My life spans the period of time he talks about in his op-ed piece of February 20. My emotional immaturity as a teenager led to a very untimely pregnancy while still in high school. Yes, I know it is quite common today, but not at that time.
Thanks to an evening school training program by Grumman Aircraft, I became a machinist while earning my degree at Hofstra evening school. I bought a house at nineteen and had three children by the time I was twenty-one. Try doing that today.
Thanks to our post-WWII manufacturing economy, I was able to survive and eventually prosper. I think often today about the reality that I would not be able to do what I did then in today's America.
My big disappointment today is that there has not been a clear call to action by the Obama administration. In my opinion, the first priority should have been a call to public service program for our young people starting out in life and to our seniors at the end of life.
Why weren't the young people who were significant in Obama's election called to some type of mandatory public service? Is that too radical?
My senior career (I will die while living and never retire) as you know is in the field of urban horticulture, which I prefer to call urban greenscaping. This is a fertile field for new business and new jobs but we have inadequate leadership.
Retrogressive public institutions that teach naive young foodies and dirt farmer wanabees methods that are long outdated in the modern urban world dominate the public conversation. In my view this is a national failure.
What we need in the city are urban food producers who are technologists rather than dirt farmers. Dirt farmers, do what they do best in the country where there is an ample supply of dirt. Here in the city, land is scarce and very often unsafe for food growing. Soil contamination is quite common and often an unrecognized hazard to health.
Modern sub-irrigation planters (SIPs), hydroponics, aeroponics and aquaponics are far better solutions for local food production in the city. There are many good efforts going on in this field, but not nearly enough. Those talking dirt unfortunately dominate the conversation.
We don’t need more low paying service jobs in the city. We desperately need manufacturing and technology-based jobs that offer the opportunity for a traditional but sustainable American life not solely based on consumerism. Widespread use of modern food production technology will lead to new small businesses and new jobs with decent pay.
It would also make good business sense for partnerships to form between urban food technologists and rural farmers. We need creative and holistic solutions rather than partisan partitioning which is so often the case in our current society. This would be a great program for the new leaders of the USDA under the Obama administration. I'm not convinced they're listening.
The Fat Lady Has Sung - NYTimes.com
Welcome to the lean years.
Yes, sir, we’ve just had our 70 fat years in America, thanks to the Greatest Generation and the bounty of freedom and prosperity they built for us. And in these past 70 years, leadership — whether of the country, a university, a company, a state, a charity, or a township — has largely been about giving things away, building things from scratch, lowering taxes or making grants.

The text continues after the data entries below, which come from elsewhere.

(* The convex Vietoris functor $\mathbb{V}^{\mathrm{c}}\colon\mathbf{CompOrd}\to\mathbf{CompOrd}$ preserves coreflexive equalizers: if $f,g\colon X\to Y$ are morphisms in $\mathbf{CompOrd}$ with a common retraction $k\colon Y\to X$ ($k\circ f=k\circ g=1_X$) and $h\colon E\to X$ is an equalizer of $f,g$ in $\mathbf{CompOrd}$, then $\mathbb{V}^{\mathrm{c}}h$ is an equalizer of $\mathbb{V}^{\mathrm{c}}f$ and $\mathbb{V}^{\mathrm{c}}g$ in $\mathbf{CompOrd}$.
   Context: $\mathbf{CompOrd}$ is the category of compact ordered spaces (compact Hausdorff spaces with a partial order closed in $X\times X$) and continuous order-preserving maps. For a subset $Y$ of a poset, $\uparrow Y$, $\downarrow Y$ are up- and down-closure; $Y$ is convex if $y_1\le x\le y_2$ with $y_1,y_2\in Y$ implies $x\in Y$; $\updownarrow Y=\uparrow Y\cap\downarrow Y$. $\mathbb{V}^{\mathrm{c}}X$ is the set of closed convex subsets of $X$ (including $\varnothing$) with the topology generated by $\Diamond U=\{K\mid K\cap U\neq\varnothing\}$ and $\Box U=\{K\mid K\subseteq U\}$ ($U$ open upset or open downset of $X$) and the Egli–Milner order $K\le_{\mathrm{EM}}L$ iff $\uparrow L\subseteq\uparrow K$ and $\downarrow K\subseteq\downarrow L$; it is a compact ordered space, and $\mathbb{V}^{\mathrm{c}}f(K)=\updownarrow f[K]$ defines an endofunctor. *)

From HB Require Import structures.
From mathcomp Require Import all_boot all_order.
From mathcomp Require Import all_classical.
From mathcomp Require Import topology.


Local Open Scope classical_set_scope.

Section order_notions.
Context {T : Type} (le : T -> T -> Prop).

Definition upc (A : set T) : set T := [set y | exists2 x, A x & le x y].
Definition downc (A : set T) : set T := [set y | exists2 x, A x & le y x].
Definition updownc (A : set T) : set T := upc A `&` downc A.

Definition is_upset (A : set T) := forall x y, A x -> le x y -> A y.
Definition is_downset (A : set T) := forall x y, A x -> le y x -> A y.

Definition order_convex (A : set T) :=
  forall y1 x y2, A y1 -> A y2 -> le y1 x -> le x y2 -> A x.

Definition is_partial_order :=
  [/\ forall x, le x x,
      forall x y z, le x y -> le y z -> le x z &
      forall x y, le x y -> le y x -> x = y].
End order_notions.

Definition compord {X : topologicalType} (le : X -> X -> Prop) :=
  [/\ compact [set: X], hausdorff_space X, is_partial_order le &
      closed [set p : X * X | le p.1 p.2]].

Definition compord_hom {X Y : topologicalType}
  (leX : X -> X -> Prop) (leY : Y -> Y -> Prop) (f : X -> Y) :=
  continuous f /\ forall x y, leX x y -> leY (f x) (f y).

Definition is_equalizer {E X Y : topologicalType}
  (leE : E -> E -> Prop) (leX : X -> X -> Prop) (leY : Y -> Y -> Prop)
  (h : E -> X) (f g : X -> Y) :=
  [/\ compord leE /\ compord leX /\ compord leY,
      compord_hom leE leX h /\ compord_hom leX leY f /\ compord_hom leX leY g,
      f \o h = g \o h &
      forall (Z : topologicalType) (leZ : Z -> Z -> Prop), compord leZ ->
        forall u : Z -> X, compord_hom leZ leX u -> f \o u = g \o u ->
          exists! v : Z -> E, compord_hom leZ leE v /\ h \o v = u].

Definition VC (X : topologicalType) (le : X -> X -> Prop) : Type :=
  {K : set X | closed K /\ order_convex le K}.

HB.instance Definition _ {X : topologicalType} (le : X -> X -> Prop) :=
  gen_eqMixin (@VC X le).
HB.instance Definition _ {X : topologicalType} (le : X -> X -> Prop) :=
  gen_choiceMixin (@VC X le).

Definition vc_diamond {X : topologicalType} (le : X -> X -> Prop)
  (U : set X) : set (VC X le) := [set K | (proj1_sig K `&` U) !=set0].
Definition vc_box {X : topologicalType} (le : X -> X -> Prop)
  (U : set X) : set (VC X le) := [set K | proj1_sig K `<=` U].

Definition vc_subbase_index {X : topologicalType} (le : X -> X -> Prop) :
  set (bool * set X) :=
  [set p | open p.2 /\ (is_upset le p.2 \/ is_downset le p.2)].

Definition vc_subbase {X : topologicalType} (le : X -> X -> Prop)
  (p : bool * set X) : set (VC X le) :=
  if p.1 then vc_diamond le p.2 else vc_box le p.2.

HB.instance Definition _ {X : topologicalType} (le : X -> X -> Prop) :=
  @isSubBaseTopological.Build (@VC X le) (bool * set X)%type
    (vc_subbase_index le) (vc_subbase le).

Definition vc_le {X : topologicalType} (le : X -> X -> Prop)
  (K L : VC X le) : Prop :=
  upc le (proj1_sig L) `<=` upc le (proj1_sig K) /\
  downc le (proj1_sig K) `<=` downc le (proj1_sig L).

Lemma vc_empty_prop {X : topologicalType} (le : X -> X -> Prop) :
  closed (@set0 X) /\ order_convex le (@set0 X).
Proof. by split; [exact: closed0 | move=> ? ? ? []]. Qed.

Definition vc_empty {X : topologicalType} (le : X -> X -> Prop) : VC X le :=
  exist _ set0 (vc_empty_prop le).

(* V^c f (K) = updown (f[K]).  For a morphism between compact ordered
   spaces this set is always closed and convex; the default branch
   (empty set) is never used in that situation. *)
Definition vc_map {X Y : topologicalType} (leX : X -> X -> Prop)
  (leY : Y -> Y -> Prop) (f : X -> Y) (K : VC X leX) : VC Y leY :=
  let S := updownc leY (f @` proj1_sig K) in
  match pselect (closed S /\ order_convex leY S) with
  | left p => exist _ S p
  | right _ => vc_empty leY
  end.

(* An equalizer h in CompOrd is an order embedding whose image is
   {x | f x = g x}.  If V^c f L = V^c g L, then f[L] and g[L] have the same
   up- and down-closures, and the retraction k forces f m = g m at every
   minimal or maximal point m of L.  Since each point of the closed set L lies
   above a minimal and below a maximal point of L (Zorn and compactness), L is
   the convex hull of its part inside the image of h; hence L |-> h^-1(L)
   inverts V^c h on the equalized elements, and it is monotone and continuous. *)

From HB Require Import structures.
From mathcomp Require Import all_boot all_order.
From mathcomp Require Import all_classical.
From mathcomp Require Import topology.

Local Open Scope classical_set_scope.

Section CompOrdFacts.
Context {X : topologicalType} {le : X -> X -> Prop} (cX : compord le).

Lemma compord_refl (x : X) : le x x.
Proof. by case: cX => _ _ []. Qed.

Lemma compord_trans {x y z : X} : le x y -> le y z -> le x z.
Proof. by case: cX => _ _ [_ trans _] _; exact: trans. Qed.

Lemma compord_antisym {x y : X} : le x y -> le y x -> x = y.
Proof. by case: cX => _ _ [_ _ anti] _; exact: anti. Qed.

Lemma compord_compact : compact [set: X].
Proof. by case: cX. Qed.

Lemma compord_hausdorff : hausdorff_space X.
Proof. by case: cX. Qed.

Lemma compord_le_closed : closed [set p : X * X | le p.1 p.2].
Proof. by case: cX. Qed.

Lemma closed_compact {A : set X} : closed A -> compact A.
Proof.
by move=> cA; exact: (subclosed_compact cA compord_compact (@subsetT _ A)).
Qed.

Lemma point_closed (x : X) : closed [set x].
Proof. by apply: (compact_closed compord_hausdorff); exact: compact_set1. Qed.

(* The opposite order makes X a compact ordered space again; this lets every
   statement about upsets be transported to downsets. *)
Lemma compord_dual : compord (fun a b => le b a).
Proof.
split; [exact: compord_compact | exact: compord_hausdorff | split | ].
- exact: compord_refl.
- by move=> x y z xy yz; exact: compord_trans yz xy.
- by move=> x y xy yx; exact: compord_antisym yx xy.
- have -> : [set p : X * X | le p.2 p.1] =
      (fun p : X * X => (p.2, p.1)) @^-1` [set p : X * X | le p.1 p.2] by [].
  apply: preimage_closed; last exact: compord_le_closed.
  by move=> p _; exact: swap_continuous.
Qed.
End CompOrdFacts.

Lemma continuous_closed_image {T U : topologicalType} {f : T -> U} {A : set T} :
  compact [set: T] -> hausdorff_space U -> continuous f -> closed A ->
  closed (f @` A).
Proof.
move=> cT hU cf cA; apply: (compact_closed hU); apply: continuous_compact.
  exact: continuous_subspaceT.
exact: (subclosed_compact cA cT (@subsetT _ A)).
Qed.

Section Tube.
Context {T U : topologicalType}.

Lemma tube_point (x : T) {Q : set U} {S : set (T * U)} :
  compact Q -> open S -> (forall b, Q b -> S (x, b)) ->
  exists2 A, nbhs x A & set_nbhs Q [set b | forall a, A a -> S (a, b)].
Proof.
move=> /compact_near_coveringP cQ oS QS.
have := cQ (set T) (powerset_filter_from (nbhs x))
  (fun A b => nbhs b [set b' | forall a, A a -> S (a, b')]) _.
case.
- move=> b Qb.
  have : nbhs (x, b) S by apply: open_nbhs_nbhs; split => //; exact: QS.
  case=> -[A0 B0] [/= A0x B0b] A0B0S.
  have [B1 [[oB1 B1b] B1B0]] : exists B1, open_nbhs b B1 /\ B1 `<=` B0.
    by move: B0b; rewrite nbhsE => -[B1 ? ?]; exists B1.
  exists (B1, [set A | nbhs x A /\ A `<=` A0]).
    split => /=; first exact: open_nbhs_nbhs.
    exact: powerset_filter_fromP.
  case=> b'' A /= [B1b'' [_ AA0]].
  apply: filterS (open_nbhs_nbhs (conj oB1 B1b'')) => b' B1b' a Aa.
  by apply: A0B0S; split; [exact: AA0 | exact: B1B0].
- move=> M [FM _ [A MA]] MQ.
  exists A; first exact: FM.
  by move=> b Qb; exact: (MQ _ MA _ Qb).
Qed.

Let’s just hope our lean years will only number seven. That will depend a lot on us and whether we rise to the economic challenges of this moment. Our parents truly were the Greatest Generation. We, alas, in too many ways, have been what the writer Kurt Andersen called “The Grasshopper Generation,” eating through the prosperity that was bequeathed us like hungry locusts. Now we and our kids together need to be “The Regeneration” — the generation that renews, refreshes, re-energizes and rebuilds America for the 21st century.
The USDA Extension Program and our botanic gardens became "grasshopper" havens back in the '70s when I made my mid-life career change. I know these grasshoppers well, they were my classmates.
The Cal Poly campus was teeming with anti-technology, counter culture kids who
were looking to avoid the harsh world of business. There was a one year
wait to get into the schools of horticulture, landscape architecture
and forestry. Many of my young classmates are now tenured professors and
shelf sitters in our land grant institutions and the extension program.
Mr. Obama won the election because he was able to “rent” a significant number of independent voters — including Republican business types who had never voted for a Democrat in their lives — because they knew in their guts that the country was on the wrong track and was desperately in need of nation-building at home and that John McCain was not the man to do it.
I am one to those he "rented", but as we know renters can readily move.